*Brief*:
Find the line with "pose proof (pow_incr" in the entries below. Repeat it, every following line, and the line with "assert (0 <= u^2) by (apply pow_le; lra).", exactly and with nothing added.

Saved data entries
= = = = = = =

(* Let $\gamma\in\,]0,+\infty[$ and let $h\colon\mathbb{R}\to\mathbb{R}\colon v\mapsto\log(1+\exp(-v))$. Then, as $v\to-\infty$, $$\mathrm{prox}_{\gamma h}(v)=v+\gamma\big(1-\exp(\gamma+v)+(1+\gamma)\exp(2(\gamma+v))\big)+o(\exp(2v)),$$ where $o(\exp(2v))$ denotes a function $F$ with $F(v)/\exp(2v)\to0$ as $v\to-\infty$.
   Context: For a convex function $\psi\colon\mathbb{R}\to\mathbb{R}$, $\mathrm{prox}_\psi(v)$ is the unique minimizer over $p\in\mathbb{R}$ of $\frac12(p-v)^2+\psi(p)$. *)

From Stdlib Require Import Reals Lra ClassicalEpsilon.
Open Scope R_scope.

Definition is_prox_point (psi : R -> R) (v p : R) : Prop :=
  forall q : R, 1/2 * (p - v)^2 + psi p <= 1/2 * (q - v)^2 + psi q.

(* prox_psi(v): the (unique, for convex psi) minimizer, selected by Hilbert's epsilon. *)
Definition prox (psi : R -> R) (v : R) : R :=
  epsilon (inhabits 0) (is_prox_point psi v).

Definition h (v : R) : R := ln (1 + exp (- v)).

From Stdlib Require Import Reals Lra ClassicalEpsilon.
From Coquelicot Require Import Coquelicot.
Open Scope R_scope.

(* The objective of prox_{gamma h} has the strictly increasing derivative
   q - v - gamma / (1 + exp q), so prox_{gamma h}(v) is its unique zero p.
   Writing p = v + gamma - e and y = exp (gamma + v), this fixed-point equation
   becomes e (1 + y exp(-e)) = gamma y exp(-e), whence 0 <= e <= gamma y.
   Expanding with 1 - e <= exp(-e) <= 1 / (1 + e), the remainder of the
   second-order expansion is a sum of five nonnegative terms, each O(y^3);
   divided by exp(2v) it is O(exp v). *)

Definition prox_objective (psi : R -> R) (v q : R) : R := 1/2 * (q - v)^2 + psi q.

Lemma prox_eq_strict_minimizer (psi : R -> R) (v p : R) :
  (forall q, q <> p -> prox_objective psi v p < prox_objective psi v q) ->
  prox psi v = p.
Proof.
  intros Hmin.
  assert (Hp : is_prox_point psi v p).
  { intro q; destruct (Req_dec q p) as [-> | Hq]; [lra | left; exact (Hmin q Hq)]. }
  assert (Hprox : is_prox_point psi v (prox psi v))
    by exact (epsilon_spec (inhabits 0) _ (ex_intro _ p Hp)).
  destruct (Req_dec (prox psi v) p) as [E | E]; [exact E |].
  specialize (Hmin _ E); specialize (Hprox p); unfold prox_objective in Hmin; lra.
Qed.

Lemma strict_minimizer_of_increasing_derivative (f f' : R -> R) (p : R) :
  (forall x, derivable_pt_lim f x (f' x)) ->
  (forall x y, x < y -> f' x < f' y) ->
  f' p = 0 ->
  forall q, q <> p -> f p < f q.
Proof.
  intros Hf Hinc Hp q Hq.
  destruct (Rlt_or_le p q) as [Hpq | Hqp].
  - destruct (MVT_cor2 f f' p q Hpq (fun c _ => Hf c)) as [c [Hc [Hpc _]]].
    pose proof (Hinc p c Hpc).
    assert (0 < f' c * (q - p)) by (apply Rmult_lt_0_compat; lra); lra.
  - assert (Hqp' : q < p) by lra.
    destruct (MVT_cor2 f f' q p Hqp' (fun c _ => Hf c)) as [c [Hc [_ Hcp]]].
    pose proof (Hinc c p Hcp).
    assert (0 < - f' c * (p - q)) by (apply Rmult_lt_0_compat; lra); lra.
Qed.

Definition prox_h_residual (g v q : R) : R := q - v - g / (1 + exp q).

Lemma derivable_pt_lim_prox_objective_h (g v q : R) :
  derivable_pt_lim (prox_objective (fun x => g * h x) v) q (prox_h_residual g v q).
Proof.
  apply is_derive_Reals; unfold prox_objective, prox_h_residual, h.
  pose proof (exp_pos (- q)); pose proof (exp_pos q).
  auto_derive; [lra |].
  rewrite exp_Ropp; field; lra.
Qed.

Lemma prox_h_residual_increasing (g v : R) :
  0 < g -> forall x y, x < y -> prox_h_residual g v x < prox_h_residual g v y.
Proof.
  intros Hg x y Hxy; unfold prox_h_residual.
  pose proof (exp_pos x); pose proof (exp_increasing x y Hxy).
  assert (g / (1 + exp y) <= g / (1 + exp x)).
  { apply Rmult_le_compat_l; [lra |]; apply Rinv_le_contravar; lra. }
  lra.
Qed.

Lemma prox_h_residual_root (g v : R) : 0 < g -> exists p, prox_h_residual g v p = 0.
Proof.
  intros Hg.
  assert (Hcont : continuity (prox_h_residual g v)).
  { intro x; apply derivable_continuous_pt; exists (1 + g * exp x / (1 + exp x)^2).
    apply is_derive_Reals; unfold prox_h_residual.
    pose proof (exp_pos x); auto_derive; [lra | field; lra]. }
  pose proof (exp_pos v); pose proof (exp_pos (v + g)).
  assert (Hlo : prox_h_residual g v v < 0).
  { unfold prox_h_residual; assert (0 < g / (1 + exp v)) by (apply Rdiv_lt_0_compat; lra); lra. }
  assert (Hhi : 0 < prox_h_residual g v (v + g)).
  { unfold prox_h_residual.
    assert (g / (1 + exp (v + g)) < g).
    { apply Rmult_lt_reg_r with (1 + exp (v + g)); [lra |].
      unfold Rdiv; rewrite Rmult_assoc, Rinv_l by lra; nra. }
    lra. }
  destruct (IVT _ v (v + g) Hcont ltac:(lra) Hlo Hhi) as [p [_ Hp]].
  now exists p.
Qed.

Lemma prox_scaled_h_fixed_point (g v : R) : 0 < g ->
  prox (fun x => g * h x) v - v = g / (1 + exp (prox (fun x => g * h x) v)).
Proof.
  intros Hg.
  destruct (prox_h_residual_root g v Hg) as [p Hp].
  rewrite (prox_eq_strict_minimizer _ v p).
  - unfold prox_h_residual in Hp; lra.
  - apply (strict_minimizer_of_increasing_derivative _ (prox_h_residual g v)); auto.
    + apply derivable_pt_lim_prox_objective_h.
    + now apply prox_h_residual_increasing.
Qed.

Lemma exp_neg_sandwich (e : R) : 1 - e <= exp (- e) /\ exp (- e) * (1 + e) <= 1.
Proof.
  pose proof (exp_ineq1_le (- e)); pose proof (exp_ineq1_le e); pose proof (exp_pos e).
  split; [lra |].
  rewrite exp_Ropp; apply Rmult_le_reg_l with (exp e); [lra |].
  rewrite <- Rmult_assoc, Rinv_r by lra; lra.
Qed.

(* [g - e] plays the role of [prox v - v] and [y exp(-e)] that of [exp (prox v)]:
   the hypothesis is the fixed-point equation [g - e = g / (1 + y exp(-e))]. *)
Lemma fixed_point_expansion (g y e : R) :
  0 < g -> 0 < y -> 0 <= e ->
  e * (1 + y * exp (- e)) = g * y * exp (- e) ->
  Rabs (g - e - g * (1 - y + (1 + g) * y ^ 2)) <= (2 * g^3 + 3 * g^2 + g) * y^3.
Proof.
  intros Hg Hy He Hfix.
  set (E := exp (- e)) in *.
  assert (HE : 0 < E) by apply exp_pos.
  destruct (exp_neg_sandwich e) as [HE_lo HE_hi]; fold E in HE_lo, HE_hi.
  set (u := y * E).
  assert (Hfix_u : e * (1 + u) = g * u) by (unfold u; rewrite Hfix; ring).
  set (delta := e - (1 - E)).
  assert (Hu : 0 < u <= y) by (unfold u; split; nra).
  assert (He_u : e <= g * u).
  { assert (0 <= e * u) by (apply Rmult_le_pos; lra). nra. }
  assert (He_y : e <= g * y) by nra.
  assert (Hdelta : 0 <= delta <= (g * y)^2).
  { pose proof (pow_incr e (g * y) 2 (conj He He_y)). unfold delta; split; nra. }
  assert (Hyu : 0 <= y - u <= g * y^2).
  { assert (y - u <= y * e) by (unfold u; nra). split; [lra | nra]. }
  assert (Hsplit : - (g - e - g * (1 - y + (1 + g) * y ^ 2)) =
     g * (y - u) * (y + u) + g^2 * y * (y - u) + g * y * e * u + g * y * delta + e * u^2).
  { transitivity (g * (y - u) * (y + u) + g^2 * y * (y - u) + g * y * e * u
                  + g * y * delta + e * u^2 + (1 - u - g * y) * (e * (1 + u) - g * u)).
    - unfold delta, u; ring.
    - rewrite Hfix_u; ring. }
  assert (Hsq : 0 <= g * (y - u) * (y + u) <= 2 * g^2 * y^3).
  { assert ((y - u) * (y + u) <= g * y^2 * (2 * y)) by (apply Rmult_le_compat; lra).
    split; [apply Rmult_le_pos; [apply Rmult_le_pos |] |]; nra. }
  assert (Hgap : 0 <= g^2 * y * (y - u) <= g^3 * y^3).
  { assert (0 <= g^2 * y) by (apply Rmult_le_pos; [apply pow_le |]; lra).
    split; [apply Rmult_le_pos |]; nra. }
  assert (Hcross : 0 <= g * y * e * u <= g^2 * y^3).
  { assert (e * u <= g * y * y) by (apply Rmult_le_compat; lra).
    split; [repeat apply Rmult_le_pos |]; nra. }
  assert (Hdelta_y : 0 <= g * y * delta <= g^3 * y^3).
  { split; [repeat apply Rmult_le_pos |]; nra. }
  assert (Hcube : 0 <= e * u^2 <= g * y^3).
  { assert (u^2 <= y^2) by (apply pow_incr; lra).
    assert (0 <= u^2) by (apply pow_le; lra).
    split; [apply Rmult_le_pos |]; nra. }
  rewrite <- Rabs_Ropp, Hsplit, Rabs_right; lra.
Qed.

Lemma prox_scaled_h_remainder (g v : R) : 0 < g ->
  Rabs (prox (fun x => g * h x) v
        - (v + g * (1 - exp (g + v) + (1 + g) * exp (2 * (g + v)))))
  <= (2 * g^3 + 3 * g^2 + g) * exp (g + v) ^ 3.
Proof.
  intros Hg.
  pose proof (prox_scaled_h_fixed_point g v Hg) as Hfix.
  set (p := prox (fun x => g * h x) v) in *.
  set (e := g - (p - v)).
  assert (Hp : exp p = exp (g + v) * exp (- e)) by (rewrite <- exp_plus; f_equal; unfold e; ring).
  assert (He : 0 <= e).
  { pose proof (exp_pos p).
    assert (g / (1 + exp p) <= g).
    { apply Rmult_le_reg_r with (1 + exp p); [lra |].
      unfold Rdiv; rewrite Rmult_assoc, Rinv_l by lra; nra. }
    unfold e; lra. }
  assert (Hexp2 : exp (2 * (g + v)) = exp (g + v) ^ 2)
    by (replace (2 * (g + v)) with ((g + v) + (g + v)) by ring; rewrite exp_plus; ring).
  replace (p - (v + g * (1 - exp (g + v) + (1 + g) * exp (2 * (g + v)))))
    with (g - e - g * (1 - exp (g + v) + (1 + g) * exp (g + v) ^ 2))
    by (rewrite Hexp2; unfold e; ring).
  apply fixed_point_expansion; [exact Hg | apply exp_pos | exact He |].
  rewrite Rmult_assoc, <- Hp.
  pose proof (exp_pos p).
  replace e with (g - g / (1 + exp p)) by (unfold e; lra).
  field; lra.
Qed.

Theorem proposition3 (gamma : R) (hgamma : 0 < gamma) :
  forall eps : R, 0 < eps ->
  exists M : R, forall v : R, v < M ->
    Rabs ((prox (fun x => gamma * h x) v
           - (v + gamma * (1 - exp (gamma + v)
                           + (1 + gamma) * exp (2 * (gamma + v)))))
          / exp (2 * v)) < eps.
Proof.
  intros eps Heps.
  set (c := (2 * gamma^3 + 3 * gamma^2 + gamma) * exp (3 * gamma)).
  assert (Hc : 0 < c).
  { pose proof (pow_lt gamma 2 hgamma); pose proof (pow_lt gamma 3 hgamma).
    apply Rmult_lt_0_compat; [lra | apply exp_pos]. }
  exists (ln (eps / c)); intros v Hv.
  assert (Hsmall : exp v < eps / c).
  { rewrite <- (exp_ln (eps / c)) by (apply Rdiv_lt_0_compat; lra).
    now apply exp_increasing. }
  assert (Hcube : exp (gamma + v) ^ 3 = exp (3 * gamma) * exp v * exp (2 * v)).
  { rewrite <- !exp_plus; simpl; rewrite Rmult_1_r, <- !exp_plus; f_equal; ring. }
  pose proof (prox_scaled_h_remainder gamma v hgamma) as Hrem.
  rewrite Hcube, <- !Rmult_assoc in Hrem; fold c in Hrem.
  pose proof (exp_pos (2 * v)).
  rewrite Rabs_div, (Rabs_right (exp (2 * v))) by lra.
  apply Rmult_lt_reg_r with (exp (2 * v)); [lra |].
  unfold Rdiv; rewrite Rmult_assoc, Rinv_l, Rmult_1_r by lra.
  apply (Rle_lt_trans _ _ _ Hrem), Rmult_lt_compat_r; [lra |].
  replace eps with (c * (eps / c)) by (field; lra).
  now apply Rmult_lt_compat_l.
Qed.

= = = = = = =

*Response*:
  { pose proof (pow_incr e (g * y) 2 (conj He He_y)). unfold delta; split; nra. }
  assert (Hyu : 0 <= y - u <= g * y^2).
  { assert (y - u <= y * e) by (unfold u; nra). split; [lra | nra]. }
  assert (Hsplit : - (g - e - g * (1 - y + (1 + g) * y ^ 2)) =
     g * (y - u) * (y + u) + g^2 * y * (y - u) + g * y * e * u + g * y * delta + e * u^2).
  { transitivity (g * (y - u) * (y + u) + g^2 * y * (y - u) + g * y * e * u
                  + g * y * delta + e * u^2 + (1 - u - g * y) * (e * (1 + u) - g * u)).
    - unfold delta, u; ring.
    - rewrite Hfix_u; ring. }
  assert (Hsq : 0 <= g * (y - u) * (y + u) <= 2 * g^2 * y^3).
  { assert ((y - u) * (y + u) <= g * y^2 * (2 * y)) by (apply Rmult_le_compat; lra).
    split; [apply Rmult_le_pos; [apply Rmult_le_pos |] |]; nra. }
  assert (Hgap : 0 <= g^2 * y * (y - u) <= g^3 * y^3).
  { assert (0 <= g^2 * y) by (apply Rmult_le_pos; [apply pow_le |]; lra).
    split; [apply Rmult_le_pos |]; nra. }
  assert (Hcross : 0 <= g * y * e * u <= g^2 * y^3).
  { assert (e * u <= g * y * y) by (apply Rmult_le_compat; lra).
    split; [repeat apply Rmult_le_pos |]; nra. }
  assert (Hdelta_y : 0 <= g * y * delta <= g^3 * y^3).
  { split; [repeat apply Rmult_le_pos |]; nra. }
  assert (Hcube : 0 <= e * u^2 <= g * y^3).
  { assert (u^2 <= y^2) by (apply pow_incr; lra).
    assert (0 <= u^2) by (apply pow_le; lra).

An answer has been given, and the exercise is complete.